(DATASET ENTRIES)

(* Let $\mathcal{D}=(V,E)$ be a DAG with $n=|V|$ nodes, and let $\mathcal{U}$ be its unconditional dependence graph. Then $\mathcal{U}$ is equal to each of the following undirected graphs on $V$: (1) $\mathcal{U}_1=(V,\{\{v,w\}: v\neq w,\ \mathrm{an}_\mathcal{D}(v)\cap\mathrm{an}_\mathcal{D}(w)\neq\emptyset\})$, i.e. two distinct nodes are adjacent iff they have a common ancestor in $\mathcal{D}$; (2) $\mathcal{U}_2=\big(V,\bigcup_{m\in\mathrm{ma}_\mathcal{D}(V)}\{\{v,w\}: v,w\in\mathrm{de}_\mathcal{D}(m),\ v\neq w\}\big)$; (3) $\mathcal{U}_3=m(t(r(\mathcal{D})))$; (4) the graph $\mathcal{U}_4$ whose adjacency matrix is $a(T^\top T)$, where $T=\sum_{p=0}^{n-1}A_\mathcal{D}^p$.
   Context: A DAG $\mathcal{D}=(V,E)$ has adjacency matrix $A_\mathcal{D}=[a_{v,w}]$ with $a_{v,w}=1$ iff $v\to w\in E$, else $0$ (identify $V$ with $[n]$). $\mathrm{an}_\mathcal{D}(v)$ and $\mathrm{de}_\mathcal{D}(v)$ denote the ancestors/descendants of $v$ (nodes with a directed path to/from $v$), with $v\in\mathrm{an}_\mathcal{D}(v)$ and $v\in\mathrm{de}_\mathcal{D}(v)$. $\mathrm{ma}_\mathcal{D}(V)$ is the set of source nodes of $\mathcal{D}$ (nodes with no parents). A collider on a path is a node $u$ with both incident path edges pointing into $u$; a trek is a path (no repeated vertices) with no collider. The unconditional dependence graph $\mathcal{U}^\mathcal{D}$ of $\mathcal{D}$ is the undirected graph on $V$ in which distinct $v,w$ are adjacent iff there is a trek between $v$ and $w$ in $\mathcal{D}$ (i.e. $v,w$ are d-connected given $\emptyset$). Operators: $r(\mathcal{D})$ reverses every edge of $\mathcal{D}$; $t(\mathcal{D})$ is the transitive closure (add $v\to w$ whenever there is a directed path from $v$ to $w$); $m(\mathcal{D})$ (moralization) adds an edge between every pair of nonadjacent nodes having a common child and then makes all edges undirected. For a symmetric matrix $M$, $a(M)$ is the $0/1$ matrix with $a(M)_{v,w}=1$ iff $v\neq w$ and $M_{v,w}\neq 0$. *)

(* A DAG on V = 'I_n is given by its edge relation e : rel 'I_n
   (e v w <-> v -> w is an edge). *)
From mathcomp Require Import all_boot all_order all_algebra.
Set Implicit Arguments. Unset Strict Implicit. Unset Printing Implicit Defensive.
Import GRing.Theory Num.Theory.
Local Open Scope ring_scope.

Section DAG.
Variable n : nat.
Implicit Types (e : rel 'I_n) (v w u : 'I_n).

Definition acyclic e : Prop := forall v w, e v w -> ~~ connect e w v.

Definition is_ancestor e u v : bool := connect e u v.
Definition is_descendant e u v : bool := connect e v u.

Definition is_source e m : Prop := forall u, ~~ e u m.

Definition adjmx e : 'M[int]_n := \matrix_(v, w) (e v w)%:R.

(* a trek between v and w: a path x_0 = v, ..., x_k = w in the skeleton with
   no repeated vertices and no collider at the interior nodes. *)
Definition is_trek e v w (s : seq 'I_n) : Prop :=
  let p := v :: s in
  [/\ uniq p, last v s = w,
      path (fun x y => e x y || e y x) v s &
      forall i, (0 < i)%N -> (i < size s)%N ->
        ~~ (e (nth v p i.-1) (nth v p i) && e (nth v p i.+1) (nth v p i))].

Definition udg e v w : Prop := v != w /\ exists s, is_trek e v w s.

Definition U1 e v w : Prop :=
  v != w /\ exists u, is_ancestor e u v && is_ancestor e u w.

Definition U2 e v w : Prop :=
  v != w /\ exists m, is_source e m /\ is_descendant e v m /\ is_descendant e w m.

Definition rev_dag e : rel 'I_n := fun x y => e y x.
Definition tclos e : rel 'I_n := fun x y => [exists z, e x z && connect e z y].
Definition moral e v w : Prop :=
  v != w /\ (e v w \/ e w v \/ exists c, e v c && e w c).

Definition U3 e v w : Prop := moral (tclos (rev_dag e)) v w.

Definition amx (M : 'M[int]_n) v w : bool := (v != w) && (M v w != 0).
Definition Tmx e : 'M[int]_n := \sum_(p < n) (adjmx e) ^+ p.
Definition U4 e v w : Prop := amx ((Tmx e)^T *m Tmx e) v w.

End DAG.

From mathcomp Require Import all_boot all_order all_algebra.
Set Implicit Arguments. Unset Strict Implicit. Unset Printing Implicit Defensive.
Import GRing.Theory Num.Theory.

(* Each of the graphs relates v != w exactly when v and w have a common
   ancestor.  A trek has no collider, so it climbs from v to a top node and
   then descends to w, and its top is a common ancestor.  Conversely, two
   simple directed paths from a common ancestor, restarted at a shared vertex
   until they are disjoint, glue into a trek that changes direction only at
   its top.  Every ancestor lies below a source, which gives (2); the edges
   of t(r(D)) point from proper descendants to ancestors, which gives (3);
   and T u x != 0 iff u ~> x, since a shortest directed path has length < n,
   which gives (4). *)

Section Treks.
Variables (n : nat) (e : rel 'I_n).

Local Notation skel := (fun x y => e x y || e y x).

Fixpoint collider_free (x : 'I_n) (s : seq 'I_n) : bool :=
  if s is y :: s' then
    (if s' is z :: _ then ~~ (e x y && e z y) else true) && collider_free y s'
  else true.

Lemma collider_freeP v s :
  (forall i, (0 < i)%N -> (i < size s)%N ->
      ~~ (e (nth v (v :: s) i.-1) (nth v (v :: s) i) &&
          e (nth v (v :: s) i.+1) (nth v (v :: s) i))) <-> collider_free v s.
Proof.
elim: s v => [|y s IH] v /=; first by split=> // _ [|i].
have nth_shift i : (i.+1 < size s)%N ->
  [/\ nth v (y :: s) i = nth y (y :: s) i, nth v s i = nth y s i
    & nth v s i.+1 = nth y s i.+1].
  move=> isz; rewrite !(set_nth_default y v) //; first exact: ltnW.
  by rewrite /= ltnS; do 2!apply: ltnW.
split.
- move=> H; apply/andP; split.
  + by case: s H {IH nth_shift} => [|z s] H //; exact: (H 1%N).
  + apply/IH => -[|i] // _ isz; have := H i.+2 (ltn0Sn _) isz.
    by have [/= <- <- <-] := nth_shift i isz.
- case/andP=> H1 /IH H2 [|[|i]] //= _.
  + by case: s H1 {H2 IH nth_shift}.
  + rewrite ltnS => isz; have := H2 i.+1 (ltn0Sn _) isz.
    by have [/= -> -> ->] := nth_shift i isz.
Qed.

(* A collider-free path that leaves x forwards never turns back, so it is a
   directed path from x; otherwise its top lies further along. *)
Lemma collider_free_top x s : path skel x s -> collider_free x s ->
  (e x (head x s) -> connect e x (last x s)) /\
  exists t, connect e t x && connect e t (last x s).
Proof.
elim: s x => [|y s IH] x /=.
  by move=> _ _; split=> [_|]; [exact: connect0 | exists x; rewrite connect0].
case/andP=> exy /[dup] ps /IH {}IH /andP[c /IH [forward [t /andP[tx ts]]]].
have descend : e x y -> connect e x (last y s).
  move=> exy'; apply: connect_trans (connect1 exy') _.
  case: s ps c forward {ts IH} => [|z s] /=; first by rewrite connect0.
  case/andP=> eyz _ nc forward; apply: forward.
  by move: eyz nc; rewrite exy' /= => /orP[//|->].
split=> //; case exy': (e x y); first by exists x; rewrite connect0 descend.
rewrite exy' /= in exy.
by exists t; rewrite ts (connect_trans tx (connect1 exy)).
Qed.

Lemma trek_common_ancestor v w s :
  is_trek e v w s -> exists t, connect e t v && connect e t w.
Proof.
case=> _ <- ps /collider_freeP nc.
by have [_ [t ht]] := collider_free_top ps nc; exists t.
Qed.

Hypothesis acyc : acyclic e.

Lemma acyclic_asym x y : e x y -> e y x = false.
Proof.
by move=> exy; apply/negbTE/negP=> eyx; move: (acyc exy); rewrite connect1.
Qed.

Lemma collider_free_directed x s : path e x s -> collider_free x s.
Proof.
elim: s x => [|y s IH] x //= /andP[exy ps]; rewrite IH // andbT.
by case: s ps {IH} => [|z s] //= /andP[eyz _]; rewrite (acyclic_asym eyz) andbF.
Qed.

Lemma collider_free_up_down x a b :
    path (fun u w => e w u) x a -> path e (last x a) b ->
  collider_free x (a ++ b).
Proof.
elim: a x => [|y a IH] x /=; first by move=> _; exact: collider_free_directed.
case/andP=> eyx pa pb; rewrite IH // andbT.
by case: (a ++ b) => // z _; rewrite (acyclic_asym eyx).
Qed.

Lemma trek_of_disjoint_paths t l r : path e t l -> path e t r ->
  uniq (t :: l) -> uniq (t :: r) -> ~~ has (mem l) r ->
  is_trek e (last t l) (last t r) (rev (belast t l) ++ r).
Proof.
move=> pl pr ul ur dis.
have glued : last t l :: (rev (belast t l) ++ r) = rev (t :: l) ++ r.
  by rewrite [t :: l]lastI rev_rcons.
have top : last (last t l) (rev (belast t l)) = t.
  by case: (l) => //= y l'; rewrite rev_cons last_rcons.
split.
- rewrite glued cat_uniq rev_uniq ul /=; move: ur => /= /andP[tr ->].
  rewrite andbT; apply/hasPn => x xr; rewrite mem_rev inE negb_or.
  apply/andP; split; first by apply: contraNneq tr => <-.
  by apply: contra dis => xl; apply/hasP; exists x.
- by rewrite last_cat top.
- rewrite cat_path top rev_path; apply/andP.
  by split; [apply: sub_path pl | apply: sub_path pr] => a b ->; rewrite ?orbT.
- by apply/collider_freeP; apply: collider_free_up_down; rewrite ?top ?rev_path.
Qed.

Lemma common_ancestor_trek t v w :
  connect e t v -> connect e t w -> exists s, is_trek e v w s.
Proof.
move=> /connectP [l0 pl0 ->] /connectP [r0 pr0 ->].
case: (shortenP pl0) => l pl ul _; case: (shortenP pr0) => r pr ur _.
have [k lr_le_k] : exists k, (size l + size r <= k)%N by eexists.
elim: k t l r pl ul pr ur {l0 r0 pl0 pr0} lr_le_k => [|k IH] t l r pl ul pr ur.
  by case: l r {pl ul pr ur} => [|? ?] [|? ?] // _; exists [::]; split.
move=> lr_le_k; case meet: (has (mem l) r); last first.
  exists (rev (belast t l) ++ r).
  by apply: trek_of_disjoint_paths; rewrite ?meet.
case/hasP: meet => x xr xl.
case/splitPr: xl pl ul lr_le_k => l1 l2.
case/splitPr: xr pr ur => r1 r2 pr ur pl ul lr_le_k.
rewrite !last_cat /=.
move: pl pr; rewrite !cat_path /= => /and3P[_ _ pl2] /and3P[_ _ pr2].
apply: (IH x l2 r2) => //.
- by move: ul; rewrite -cat_cons cat_uniq => /and3P[].
- by move: ur; rewrite -cat_cons cat_uniq => /and3P[].
- move: lr_le_k; rewrite !size_cat /= !addnS !addSn ltnS; apply: leq_trans.
  by apply: leqW; apply: leq_add; apply: leq_addl.
Qed.

Lemma udg_common_ancestor v w : udg e v w <-> U1 e v w.
Proof.
split; case=> vw.
  by case=> s /trek_common_ancestor [t ht]; split=> //; exists t.
by case=> t /andP[tv tw]; split=> //; exact: common_ancestor_trek tv tw.
Qed.

Lemma exists_source_ancestor u : exists m, is_source e m /\ connect e m u.
Proof.
have [k anc_le_k] : exists k, (#|[pred x | connect e x u]| <= k)%N by eexists.
elim: k u anc_le_k => [|k IH] u anc_le_k.
  suff : (0 < #|[pred x | connect e x u]|)%N by rewrite lt0n -leqn0 anc_le_k.
  by apply/card_gt0P; exists u; rewrite inE connect0.
have [[p epu]|] := altP (@existsP _ (fun x => e x u)); last first.
  by rewrite negb_exists => /forallP src; exists u; rewrite connect0.
have fewer : (#|[pred x | connect e x p]| < #|[pred x | connect e x u]|)%N.
  apply/proper_card/properP; split.
    apply/subsetP=> x; rewrite !inE => /connect_trans; apply.
    exact: connect1 epu.
  by exists u; rewrite !inE ?connect0 // (negbTE (acyc epu)).
have [m [sm cm]] := IH p (leq_trans fewer anc_le_k).
by exists m; split=> //; apply: connect_trans cm (connect1 epu).
Qed.

Lemma common_ancestor_source v w : U1 e v w <-> U2 e v w.
Proof.
split; case=> vw.
  case=> t /andP[tv tw]; have [m [sm mt]] := exists_source_ancestor t.
  by split=> //; exists m; split=> //; split; exact: connect_trans mt _.
by case=> m [_ [mv mw]]; split=> //; exists m; exact/andP.
Qed.

Lemma tclos_rev_dag x y : tclos (rev_dag e) x y = (y != x) && connect e y x.
Proof.
apply/existsP/andP.
  case=> z /andP[ezx]; rewrite connect_rev => cyz; rewrite /rev_dag in ezx.
  split; last exact: connect_trans cyz (connect1 ezx).
  by apply: contraNneq (acyc ezx) => yx; rewrite -yx.
case=> yx /connectP [q pq xq].
case/lastP: q pq xq => [|q z] pq xq; first by rewrite xq eqxx in yx.
rewrite last_rcons in xq; move: pq; rewrite rcons_path => /andP[pq ez].
exists (last y q); rewrite /rev_dag xq ez connect_rev.
by apply/connectP; exists q.
Qed.

Lemma common_ancestor_moral v w : U1 e v w <-> U3 e v w.
Proof.
rewrite /U3 /moral !tclos_rev_dag; split; case=> vw.
  case=> t; rewrite /is_ancestor => /andP[tv tw]; split=> //.
  have [tv_eq|tv'] := eqVneq t v; first by right; left; rewrite vw -tv_eq tw.
  have [tw_eq|tw'] := eqVneq t w; first by left; rewrite -tw_eq tv' tv.
  by right; right; exists t; rewrite !tclos_rev_dag tv' tw' tv tw.
move=> moral_vw; split=> //.
case: moral_vw => [/andP[_ wv]|[/andP[_ vw']|[t]]].
- by exists w; rewrite /is_ancestor wv connect0.
- by exists v; rewrite /is_ancestor vw' connect0.
- rewrite !tclos_rev_dag => /andP[/andP[_ tv] /andP[_ tw]].
  by exists t; rewrite /is_ancestor tv tw.
Qed.

End Treks.

Local Open Scope ring_scope.

Lemma psumr_neq0_exists (R : numDomainType) (I : finType) (F : I -> R) :
  (forall i, 0 <= F i) -> reflect (exists i, F i != 0) (\sum_i F i != 0).
Proof.
move=> F_ge0; rewrite psumr_neq0 //; apply: (iffP hasP) => -[i].
  by move=> _ /=; rewrite lt0r => /andP[Fi _]; exists i.
by move=> Fi; exists i; [exact: mem_index_enum | rewrite /= lt0r Fi F_ge0].
Qed.

Section AdjacencyMatrix.
Variables (n : nat) (e : rel 'I_n).

Fixpoint walk (p : nat) (u x : 'I_n) : bool :=
  if p is p'.+1 then [exists z, e u z && walk p' z x] else u == x.

Lemma adjmx_ge0 u z : 0 <= adjmx e u z.
Proof. by rewrite mxE ler0n. Qed.

Lemma adjmx_pow_ge0 p u x : 0 <= (adjmx e ^+ p) u x.
Proof.
elim: p u x => [|p IH] u x; first by rewrite mxE ler0n.
by rewrite exprS -mulmxE mxE sumr_ge0 // => z _; rewrite mulr_ge0 ?adjmx_ge0.
Qed.

Lemma adjmx_pow_neq0 p u x : reflect (walk p u x) ((adjmx e ^+ p) u x != 0).
Proof.
elim: p u x => [|p IH] u x.
  by rewrite mxE /=; case: (u == x); constructor; rewrite ?oner_eq0.
rewrite exprS -mulmxE mxE /=.
have summand_ge0 z : 0 <= adjmx e u z * (adjmx e ^+ p) z x.
  by rewrite mulr_ge0 ?adjmx_ge0 ?adjmx_pow_ge0.
apply: (iffP (psumr_neq0_exists summand_ge0)).
- case=> z; rewrite mulf_eq0 negb_or mxE pnatr_eq0 eqb0 negbK.
  by case/andP=> ez /IH w; apply/existsP; exists z; rewrite ez.
- case/existsP=> z /andP[ez /IH w]; exists z.
  by rewrite mulf_eq0 negb_or mxE ez w.
Qed.

Lemma walk_connect p u x : walk p u x -> connect e u x.
Proof.
elim: p u => [|p IH] u /=; first by move/eqP->; exact: connect0.
by case/existsP=> z /andP[/connect1 ez /IH]; exact: connect_trans.
Qed.

Lemma path_walk u q : path e u q -> walk (size q) u (last u q).
Proof.
elim: q u => [|y q IH] u /=; first by rewrite eqxx.
by case/andP=> euy /IH w; apply/existsP; exists y; rewrite euy.
Qed.

Lemma Tmx_ge0 u x : 0 <= Tmx e u x.
Proof. by rewrite /Tmx summxE sumr_ge0 // => p _; exact: adjmx_pow_ge0. Qed.

(* A shortest directed path visits each of the n nodes at most once, so its
   length is below n and it is counted by one of the summands of T. *)
Lemma Tmx_neq0 u x : reflect (connect e u x) (Tmx e u x != 0).
Proof.
have summand_ge0 (p : 'I_n) := adjmx_pow_ge0 p u x.
rewrite /Tmx summxE; apply: (iffP (psumr_neq0_exists summand_ge0)).
- by case=> p /adjmx_pow_neq0; exact: walk_connect.
- case/connectP=> q0 pq0 ->; case: (shortenP pq0) => q pq uq _.
  have short : (size q < n)%N.
    by have := max_card (mem (u :: q)); rewrite card_ord (card_uniqP uq).
  by exists (Ordinal short); apply/adjmx_pow_neq0; exact: path_walk.
Qed.

Lemma common_ancestor_Tmx v w : U1 e v w <-> U4 e v w.
Proof.
rewrite /U4 /amx mxE.
have summand_ge0 u : 0 <= (Tmx e)^T v u * Tmx e u w.
  by rewrite mxE mulr_ge0 ?Tmx_ge0.
split.
  case=> -> [u /andP[uv uw]]; apply/(psumr_neq0_exists summand_ge0).
  by exists u; rewrite mulf_eq0 negb_or mxE; apply/andP; split; apply/Tmx_neq0.
case/andP=> vw /(psumr_neq0_exists summand_ge0) [u].
rewrite mulf_eq0 negb_or mxE => /andP[/Tmx_neq0 uv /Tmx_neq0 uw].
by split=> //; exists u; rewrite /is_ancestor uv uw.
Qed.

End AdjacencyMatrix.

Theorem theorem2p2 (n : nat) (e : rel 'I_n) :
  acyclic e ->
  (forall v w : 'I_n, udg e v w <-> U1 e v w) /\
  (forall v w : 'I_n, udg e v w <-> U2 e v w) /\
  (forall v w : 'I_n, udg e v w <-> U3 e v w) /\
  (forall v w : 'I_n, udg e v w <-> U4 e v w).
Proof.
move=> acyc; have U1E := udg_common_ancestor acyc.
split; first exact: U1E.
split=> [v w|]; first exact: iff_trans (U1E v w) (common_ancestor_source acyc v w).
split=> [v w|]; first exact: iff_trans (U1E v w) (common_ancestor_moral acyc v w).
by move=> v w; apply: iff_trans (U1E v w) (common_ancestor_Tmx e v w).
Qed.
Lemma pi_merge_collision E F : E \in P -> F \in P ->
  (if pi E == Z' then Z else pi E) = (if pi F == Z' then Z else pi F) ->
  E = F \/ ((E == Yb) || (E == Ys)) && ((F == Yb) || (F == Ys)).
Proof.
move=> EP FP; have [piE|piE] := eqVneq (pi E) Z'; have [piF|piF] := eqVneq (pi F) Z' => eqEF.
- by left; apply: piI => //; rewrite piE piF.
- by right; rewrite (piI EP YsP piE) -(piI YbP FP eqEF) !eqxx orbT.
- by right; rewrite (piI FP YsP piF) (piI EP YbP eqEF) !eqxx orbT.
- by left; apply: piI.
Qed.

Lemma merge_shift_other x : ~~ ((blk x == Yb) || (blk x == Ys)) -> c (shift x) = shift0 x.
Proof.
case/norP => xNYb xNYs; rewrite [shift x]ffunE (negbTE xNYb) ffunE.
case: ifP => // xZ'; case/negP: xNYs; apply/eqP/piI; rewrite ?pblockT_mem //.
by rewrite -(def_pblockT (pi_mem (pblockT_mem x)) (shift0_mem x)) (def_pblockT (pi_mem YsP) xZ').
Qed.

Lemma merge_shift_fibres x x' : c (shift x) = c (shift x') -> g x = g x'.
Proof.
move=> eqc; have joined : (blk x == Yb) || (blk x == Ys) -> (blk x' == Yb) || (blk x' == Ys) ->
    g x = g x'.
  by move=> xY x'Y; apply: lamI; rewrite ?g_join // -(merge_shift_join xY) -(merge_shift_join x'Y).
have := congr1 blk eqc; rewrite !pblock_merge_shift.
case/(pi_merge_collision (pblockT_mem x) (pblockT_mem x')) => [exx'|/andP []//].
have [xY|xNY] := boolP ((blk x == Yb) || (blk x == Ys)); first by apply: joined; rewrite -?exx'.
have x'NY : ~~ ((blk x' == Yb) || (blk x' == Ys)) by rewrite -exx'.
by apply: (shift0_fibres exx'); rewrite -(merge_shift_other xNY) -(merge_shift_other x'NY).
Qed.

Lemma merge_shift_blocks x x' :
  blk (c (shift x)) = blk (c (shift x')) -> blk (g x) = blk (g x').
Proof.
rewrite !pblock_merge_shift.
case/(pi_merge_collision (pblockT_mem x) (pblockT_mem x')) => [/gB //|/andP [xY x'Y]].
have joinC y : (blk y == Yb) || (blk y == Ys) -> blk (g y) = bmap g Yb.
  by rewrite -bmap_pblock //; case/orP => /eqP ->.
by rewrite !joinC.
Qed.

End Shift.

Lemma shift_factor : exists2 s, s \in Sigpart P &
  let u := fcomp s (merge Z' i) in
  [/\ forall x, u x \notin Z', forall x x', u x = u x' -> g x = g x'
    & forall x x', blk (u x) = blk (u x') -> blk (g x) = blk (g x')].
Proof.
have [lam [lamI lamZ lam_psi]] := join_lam_exists.
exists (shift lam); first exact: shift_Sigpart.
split=> [x|x x'|x x']; rewrite !fcompE.
- exact: merge_shift_notin.
- exact: merge_shift_fibres.
- exact: merge_shift_blocks.
Qed.

End ShiftFactor.

Lemma shift_merge_factor (g : {ffun X -> X}) pi Yb Ys y0 i :
  blockwise g -> {in P &, injective pi} -> (forall E, E \in P -> pi E = bmap g E \/ pi E = E) ->
  Yb \in P -> Ys \in P -> Yb != Ys -> bmap g Yb = bmap g Ys -> #|bmap g Yb| <= #|pi Yb| ->
  blk y0 \notin hit g ->
  {in pi Ys &, injective i} -> (forall x, x \in pi Ys -> i x \in pi Yb) ->
  exists s (h : {ffun X -> X}), [/\ s \in Sigpart P, blockwise h, #|hit g| < #|hit h|
                & g = fcomp (fcomp s (merge (pi Ys) i)) h].
Proof.
move=> gB piI pi_g YbP YsP YbYs gYbYs capacity y0N iI iZ.
have [s sS [uN u_fibres u_blocks]] := shift_factor gB piI pi_g YbP YsP YbYs gYbYs capacity iI iZ.
have Z'P : pi Ys \in P := pi_mem gB pi_g YsP.
exists s, (factor_map g (fcomp s (merge (pi Ys) i)) (pi Ys) y0); split=> //.
- exact: factor_map_blockwise.
- exact: hit_factor_map.
- by apply/ffunP => x; rewrite fcompE factor_mapE.
Qed.

Lemma cycle_block_perm (g : X -> X) : blockwise g -> ~~ (P \subset hit g) ->
  exists pi Y Y', [/\ {in P &, injective pi}, forall E, E \in P -> pi E = bmap g E \/ pi E = E,
    Y \in P, Y' \in P & [/\ Y != Y', bmap g Y = bmap g Y', pi Y = bmap g Y & pi Y' = Y']].
Proof.
move=> gB /subsetPn [m mP mNhit].
have mNphi : m \notin bmap g @: P.
  apply: contra mNhit => /imsetP [E EP ->]; have [x xE] := block_inhabited EP.
  by rewrite (bmapE gB EP xE); apply: imset_f.
set A := periodic_pts P (bmap g).
have [Y [Y' [YA /setDP [Y'P Y'NA] gYY']]] := periodic_entry (bmap_mem gB) mP mNphi.
have YP : Y \in P by move: YA; rewrite inE => /andP [].
have phiA : bmap g @: A = A := phi_periodic_pts (bmap_mem gB).
have phiAI : {in A &, injective (bmap g)} by apply/imset_injP; rewrite phiA.
exists (fun E => if E \in A then bmap g E else E), Y, Y'; split=> //.
- move=> E F _ _; have [EA|ENA] := boolP (E \in A); have [FA|FNA] := boolP (F \in A) => //.
  + exact: phiAI.
  + by move=> eqEF; move: FNA; rewrite -eqEF -phiA imset_f.
  + by move=> eqEF; move: ENA; rewrite eqEF -phiA imset_f.
- by move=> E _; case: ifP; [left|right].
- by split; rewrite ?YA ?(negbTE Y'NA) //; apply: contraNneq Y'NA => <-.
Qed.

(End DATASET ENTRIES)

■ **BRIEF**
Retype the portion of the data above that starts on the line with "by case=> m" and finishes on the line with "- rewrite !tclos_rev_dag", including both of those lines.

■ **RESPONSE AREA**
by case=> m [_ [mv mw]]; split=> //; exists m; exact/andP.
Qed.

Lemma tclos_rev_dag x y : tclos (rev_dag e) x y = (y != x) && connect e y x.
Proof.
apply/existsP/andP.
  case=> z /andP[ezx]; rewrite connect_rev => cyz; rewrite /rev_dag in ezx.
  split; last exact: connect_trans cyz (connect1 ezx).
  by apply: contraNneq (acyc ezx) => yx; rewrite -yx.
case=> yx /connectP [q pq xq].
case/lastP: q pq xq => [|q z] pq xq; first by rewrite xq eqxx in yx.
rewrite last_rcons in xq; move: pq; rewrite rcons_path => /andP[pq ez].
exists (last y q); rewrite /rev_dag xq ez connect_rev.
by apply/connectP; exists q.
Qed.

Lemma common_ancestor_moral v w : U1 e v w <-> U3 e v w.
Proof.
rewrite /U3 /moral !tclos_rev_dag; split; case=> vw.
  case=> t; rewrite /is_ancestor => /andP[tv tw]; split=> //.
  have [tv_eq|tv'] := eqVneq t v; first by right; left; rewrite vw -tv_eq tw.
  have [tw_eq|tw'] := eqVneq t w; first by left; rewrite -tw_eq tv' tv.
  by right; right; exists t; rewrite !tclos_rev_dag tv' tw' tv tw.
move=> moral_vw; split=> //.
case: moral_vw => [/andP[_ wv]|[/andP[_ vw']|[t]]].
- by exists w; rewrite /is_ancestor wv connect0.
- by exists v; rewrite /is_ancestor vw' connect0.
- rewrite !tclos_rev_dag => /andP[/andP[_ tv] /andP[_ tw]].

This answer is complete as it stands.